California cities oppose tribal sports betting initiative
Critics of California’s sports betting regulations and illegal gambling enforcement act say that if enacted, they would give tribal casinos the ability to shut down card rooms.
California’s election is eight months away, but the war over legal sports betting in the Golden State has already escalated.
A coalition of more than 80 local and city officials in California, many of whom have card rooms, announced Wednesday their opposition to a sports betting initiative sponsored by several Native American tribes already eligible in the state’s November ballot.
Marcel Rodarte, executive director of the California Contract Cities Association, claimed in a press release that if the California Sports Wagering Regulation and Unlawful Gambling Enforcement Act tribes’ proposal were passed by voters, it would hurt the state. The measure would legalize sports betting at tribal casinos and licensed racetracks only.
“The California Contract Cities Association voted overwhelmingly to oppose the Tribal Qualified Gaming initiative because it will not benefit our residents or our communities,” Rodarte said. “The proposed initiative also exploits the Private Attorneys General Act, opening the floodgates to frivolous lawsuits against city revenues that fund vital city services such as roads, schools, homeless services and fire protection.
The comments come two weeks after two California card rooms, Hollywood Park Casino and Cal-Pac Rancho Cordova, filed a lawsuit in Los Angeles County Superior Court over the tribal ballot initiative. Cardrooms allege the measure is unconstitutional and should not be put before voters. Do you want conversation? Yes. How’s it going? I say it’s excellent, it’s hot.

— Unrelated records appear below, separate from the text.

(* For $[\mathfrak{p}]\in\mathfrak{F}_4''$ with $\mathfrak{p}=(p_1,p_2,p_3,p_4)$, put $\mathbb{X}_1=\mathbb{X}(p_1,p_2,p_3,p_4)$, $\mathbb{X}_2=\mathbb{X}(p_1,p_3,p_2,p_4)$ and $\mathbb{A}=\mathbb{A}(p_1,p_2,p_3)$. Then $\mathbb{A}\in(-\pi/2,\pi/2)$ and $$|\mathbb{X}_1+\mathbb{X}_2-1|^2=2\Re\left(\mathbb{X}_1\overline{\mathbb{X}_2}(1+e^{-2i\mathbb{A}})\right),$$ with $\mathbb{X}_1+\mathbb{X}_2-1\neq0$, $\Re(\mathbb{X}_1\overline{\mathbb{X}_2}e^{-i\mathbb{A}})>0$ and $\arg(\mathbb{X}_1/\mathbb{X}_2)\neq 2\mathbb{A}$. Moreover, the map $B_0:\mathfrak{F}_4''\to\mathfrak{V}_4$, $B_0([\mathfrak p])=(\mathbb{X}_1,\mathbb{X}_2,\mathbb{A})$, is well defined and bijective, where $\mathfrak{V}_4$ is the set of $(w_1,w_2,a)\in\mathbb{C}^2\times(-\pi/2,\pi/2)$ with $|w_1+w_2-1|^2=2\Re(w_1\overline{w_2}(1+e^{-2ia}))$, $w_1+w_2-1\neq0$, $\Re(w_1\overline{w_2}e^{-ia})>0$ and $\arg(w_1/w_2)\neq 2a$.
   Context: Let $\mathbb{C}^{2,1}$ denote $\mathbb{C}^3$ with the Hermitian form $\langle \mathbf z,\mathbf w\rangle=z_1\overline{w_3}+z_2\overline{w_2}+z_3\overline{w_1}$. The boundary $\partial\mathbf{H}^2_\mathbb{C}$ is the set of complex lines of null vectors, identified with $(\mathbb{C}\times\mathbb{R})\cup\{\infty\}$, $(z,t)$ corresponding to the line of $(-|z|^2+it,\sqrt2 z,1)^T$ and $\infty$ to that of $(1,0,0)^T$; ${\rm PU}(2,1)$ acts on it. A $\mathbb{C}$-circle is the intersection of $\partial\mathbf{H}^2_\mathbb{C}$ with the projectivisation of a complex 2-dimensional subspace of signature $(1,1)$. Cartan's angular invariant: $\mathbb{A}(p_1,p_2,p_3)=\arg(-\langle\mathbf p_1,\mathbf p_2\rangle\langle\mathbf p_2,\mathbf p_3\rangle\langle\mathbf p_3,\mathbf p_1\rangle)\in[-\pi/2,\pi/2]$ for lifts $\mathbf p_i$. The Korányi–Reimann complex cross-ratio of four distinct points is $\mathbb{X}(p_1,p_2,p_3,p_4)=\frac{\langle\mathbf p_4,\mathbf p_2\rangle\langle\mathbf p_3,\mathbf p_1\rangle}{\langle\mathbf p_4,\mathbf p_1\rangle\langle\mathbf p_3,\mathbf p_2\rangle}$ (independent of lifts, ${\rm PU}(2,1)$-invariant). $\mathfrak{C}_4''$ is the set of ordered quadruples of pairwise distinct boundary points such that $p_1,p_2,p_3$ do not lie on a common $\mathbb{C}$-circle, $p_2,p_3,p_4$ do not lie on a common $\mathbb{C}$-circle, and $p_4$ is not in the orbit of $p_1$ under the stabiliser of $p_2,p_3$ in ${\rm PU}(2,1)$; $\mathfrak{F}_4''=\mathfrak{C}_4''/{\rm PU}(2,1)$. *)

From Stdlib Require Import Reals.
Open Scope R_scope.

Record Cx := Cmk { Re : R; Im : R }.

Definition C0 : Cx := Cmk 0 0.
Definition C1 : Cx := Cmk 1 0.
Definition Cadd (z w : Cx) : Cx := Cmk (Re z + Re w) (Im z + Im w).
Definition Copp (z : Cx) : Cx := Cmk (- Re z) (- Im z).
Definition Csub (z w : Cx) : Cx := Cadd z (Copp w).
Definition Cmul (z w : Cx) : Cx :=
  Cmk (Re z * Re w - Im z * Im w) (Re z * Im w + Im z * Re w).
Definition Cconj (z : Cx) : Cx := Cmk (Re z) (- Im z).
Definition Cnorm2 (z : Cx) : R := Re z * Re z + Im z * Im z.
Definition Cabs (z : Cx) : R := sqrt (Cnorm2 z).
Definition Cinv (z : Cx) : Cx := Cmk (Re z / Cnorm2 z) (- Im z / Cnorm2 z).
Definition Cdiv (z w : Cx) : Cx := Cmul z (Cinv w).
Definition Cexpi (a : R) : Cx := Cmk (cos a) (sin a).

(** Principal argument in (-PI, PI] (the usual atan2); arg 0 := 0. *)
Definition Carg (z : Cx) : R :=
  let x := Re z in let y := Im z in
  match Rlt_le_dec 0 x with
  | left _ => atan (y / x)
  | right _ =>
    match Rlt_le_dec x 0 with
    | left _ => match Rle_lt_dec 0 y with
                | left _ => atan (y / x) + PI
                | right _ => atan (y / x) - PI
                end
    | right _ =>
      match Rlt_le_dec 0 y with
      | left _ => PI / 2
      | right _ => match Rlt_le_dec y 0 with
                   | left _ => - (PI / 2)
                   | right _ => 0
                   end
      end
    end
  end.

Record V3 := mkV { v1 : Cx; v2 : Cx; v3 : Cx }.
Definition V0 : V3 := mkV C0 C0 C0.
Definition Vscal (l : Cx) (v : V3) : V3 :=
  mkV (Cmul l (v1 v)) (Cmul l (v2 v)) (Cmul l (v3 v)).
Definition Vadd (v w : V3) : V3 :=
  mkV (Cadd (v1 v) (v1 w)) (Cadd (v2 v) (v2 w)) (Cadd (v3 v) (v3 w)).

Definition herm (z w : V3) : Cx :=
  Cadd (Cmul (v1 z) (Cconj (v3 w)))
    (Cadd (Cmul (v2 z) (Cconj (v2 w))) (Cmul (v3 z) (Cconj (v1 w)))).

(** 3x3 complex matrices (indices 0,1,2) acting on column vectors. *)
Definition M3 := nat -> nat -> Cx.
Definition mv (G : M3) (v : V3) : V3 :=
  mkV (Cadd (Cmul (G 0%nat 0%nat) (v1 v)) (Cadd (Cmul (G 0%nat 1%nat) (v2 v)) (Cmul (G 0%nat 2%nat) (v3 v))))
      (Cadd (Cmul (G 1%nat 0%nat) (v1 v)) (Cadd (Cmul (G 1%nat 1%nat) (v2 v)) (Cmul (G 1%nat 2%nat) (v3 v))))
      (Cadd (Cmul (G 2%nat 0%nat) (v1 v)) (Cadd (Cmul (G 2%nat 1%nat) (v2 v)) (Cmul (G 2%nat 2%nat) (v3 v)))).

(** U(2,1): matrices preserving the Hermitian form (automatically invertible,
    the form being non-degenerate).  PU(2,1) = U(2,1)/scalars acts on
    complex lines through U(2,1). *)
Definition isU21 (G : M3) : Prop :=
  forall z w : V3, herm (mv G z) (mv G w) = herm z w.

(** * Boundary points: nonzero null vectors, up to nonzero complex scalars. *)
Definition isNull (v : V3) : Prop := v <> V0 /\ herm v v = C0.
Definition samePt (p q : V3) : Prop := exists l : Cx, l <> C0 /\ q = Vscal l p.

Definition inSpan2 (u w v : V3) : Prop :=
  exists a b : Cx, v = Vadd (Vscal a u) (Vscal b w).

(** Lines of p, q, r lie on a common Cx-circle: there is a complex
    2-dimensional subspace span(u,w) of signature (1,1) (containing both a
    positive and a negative vector) containing p, q, r. *)
Definition onCommonCcircle (p q r : V3) : Prop :=
  exists u w : V3,
    (forall a b : Cx, Vadd (Vscal a u) (Vscal b w) = V0 -> a = C0 /\ b = C0) /\
    (exists x, inSpan2 u w x /\ Re (herm x x) > 0) /\
    (exists x, inSpan2 u w x /\ Re (herm x x) < 0) /\
    inSpan2 u w p /\ inSpan2 u w q /\ inSpan2 u w r.

Record Quad := mkQ { qp1 : V3; qp2 : V3; qp3 : V3; qp4 : V3 }.

Definition inC4'' (P : Quad) : Prop :=
  let p1 := qp1 P in let p2 := qp2 P in let p3 := qp3 P in let p4 := qp4 P in
  isNull p1 /\ isNull p2 /\ isNull p3 /\ isNull p4 /\
  ~ samePt p1 p2 /\ ~ samePt p1 p3 /\ ~ samePt p1 p4 /\
  ~ samePt p2 p3 /\ ~ samePt p2 p4 /\ ~ samePt p3 p4 /\
  ~ onCommonCcircle p1 p2 p3 /\
  ~ onCommonCcircle p2 p3 p4 /\
  ~ (exists G : M3, isU21 G /\ samePt p2 (mv G p2) /\ samePt p3 (mv G p3)
                    /\ samePt p4 (mv G p1)).

(** Two quadruples represent the same point of F_4'' = C_4''/PU(2,1). *)
Definition quadEquiv (P Q : Quad) : Prop :=
  exists G : M3, isU21 G /\
    samePt (mv G (qp1 P)) (qp1 Q) /\ samePt (mv G (qp2 P)) (qp2 Q) /\
    samePt (mv G (qp3 P)) (qp3 Q) /\ samePt (mv G (qp4 P)) (qp4 Q).

Definition crossX (p1 p2 p3 p4 : V3) : Cx :=
  Cdiv (Cmul (herm p4 p2) (herm p3 p1)) (Cmul (herm p4 p1) (herm p3 p2)).
Definition cartanA (p1 p2 p3 : V3) : R :=
  Carg (Copp (Cmul (Cmul (herm p1 p2) (herm p2 p3)) (herm p3 p1))).

Definition B0 (P : Quad) : Cx * Cx * R :=
  (crossX (qp1 P) (qp2 P) (qp3 P) (qp4 P),
   crossX (qp1 P) (qp3 P) (qp2 P) (qp4 P),
   cartanA (qp1 P) (qp2 P) (qp3 P)).
Theorem mainTheorem14 (n k : nat) (nu mu : seq nat) (tau : nat -> nat) :
  3 <= n -> 1 <= k <= n ->
  is_partition nu -> colorless n nu -> part1 nu < n ->
  is_partition mu -> part1 mu < n ->
  (forall j, 1 <= j <= n ->
     tau (colr n ((conjp nu j)%:Z - j%:Z + k%:Z)) = j) ->
  forall j, 1 <= j <= n ->
    ((ncorners_coll is_concave n k nu mu j)%:Z
       - (ncorners_coll is_convex n k nu mu j)%:Z
     = (conjp mu (tau j))%:Z - (conjp mu (tau (if j == 1%N then n else j.-1)))%:Z
       + (if j == k then conjp mu 1 else 0%N)%:Z)%R.
Proof.
(* [colorless n nu] only guarantees that [tau] exists; the hypothesis on [tau] is all we use. *)
move=> n_ge3 k_range nu_part _ nu_lt mu_part mu_lt tauK j j_range.
have n_gt0 : 0 < n by apply: leq_trans n_ge3.
have nu_n := conjp_gt_part1 nu_part nu_lt; have mu_n := conjp_gt_part1 mu_part mu_lt.
rewrite -colr_prev //; set j' := colr n (j%:Z - 1).
have tau_in := tau_range n_gt0 tauK.
pose D l := ((conjp mu l.-1)%:Z - (conjp mu l)%:Z)%R.
rewrite /ncorners_coll -!natz !natr_sum -sumrB.
rewrite (eq_big_nat _ _ (F2 := fun l =>
    D l *+ (l <= tau j') - D l *+ (l <= tau j) + D l *+ (l <= n) *+ (j == k))%R); last first.
  move=> l /andP[l_ge2 l_lt]; rewrite ltnS in l_lt.
  rewrite !natrM -mulrBr !natz (corners_nu_ge n_gt0 k_range nu_n tauK) ?(ltnW l_ge2) //.
  rewrite -subzn ?leq_conjp ?leq_pred // mulrDr mulrBr -!natz !mulr_natr l_lt mulr1n.
  by rewrite /D /j' !natz.
rewrite big_split /= sumrB sumrMnl.
rewrite !sum_weighted_telescope ?tau_in ?colr_range ?n_gt0 ?leqnn //.
by rewrite mu_n !natz; case: eqP => _; lia.
Qed.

Critics of California’s sports betting regulations and illegal gambling enforcement act say that if enacted, they would give tribal casinos the ability to shut down card rooms. Cities opposed to the measure now say it puts more than 32,000 jobs, $1.6 billion in wages and $5.5 billion in total economic impact at risk.
“During the pandemic, California cities that rely on revenue generated from legal gaming at arcades have seen the devastating effects that arcade closures have had on city budgets and the vital services they fund,” Commerce City Mayor Leonard Mendoza said in The Release. “Hundreds of millions of dollars in local revenue are at stake, money needed to invest in the safety and well-being of our residents.”
Tribal Casinos Fight Back
But a group of tribal casinos, calling themselves the Coalition for Responsible Gaming, released a statement in response to the towns’ claims.
“Card rooms have one of the worst, if not the worst, records of non-compliance in the United States with gambling laws, including those designed to guard against crimes like money laundering.” , according to the press release. “That’s why they’ve been fined millions of dollars in recent years for violations like misleading regulators.
“Our measure simply ensures that existing laws preventing illegal gambling are respected. Law-abiding card rooms have nothing to fear. Our measure will not shut down a single legitimately operating card room casino. The only cardroom casinos at risk from law enforcement are those that repeatedly violate California gaming laws.
Cardrooms had a proposed sports betting initiative in the works, but decided to focus on legal remedies, as well as appealing to the public.
Fight a battle on two fronts
In addition to clashing with cardrooms, tribal casinos are also clashing with a group of online sports betting companies, including DraftKings and FanDuel, who want their own version of legal sports betting on the ballot.
The rival initiative, which would legalize online sports betting through the tribes and their operating partners, is on track to secure the 997,139 signatures required to qualify for the November elections. The California Legalize Sports Betting and Revenue for Homelessness Prevention Fund initiative has raised $100 million and said it now has more than 25% of required signatures, with a June deadline looming.
Tribal casino operators who are not associated with the Coalition for Responsible Gaming are not waiting to see if the initiative is passed to voice their opposition. Californians for Tribal Sovereignty and Safe Gaming instead sponsored television ads portraying online sports betting operators as out-of-state companies that will harm California residents.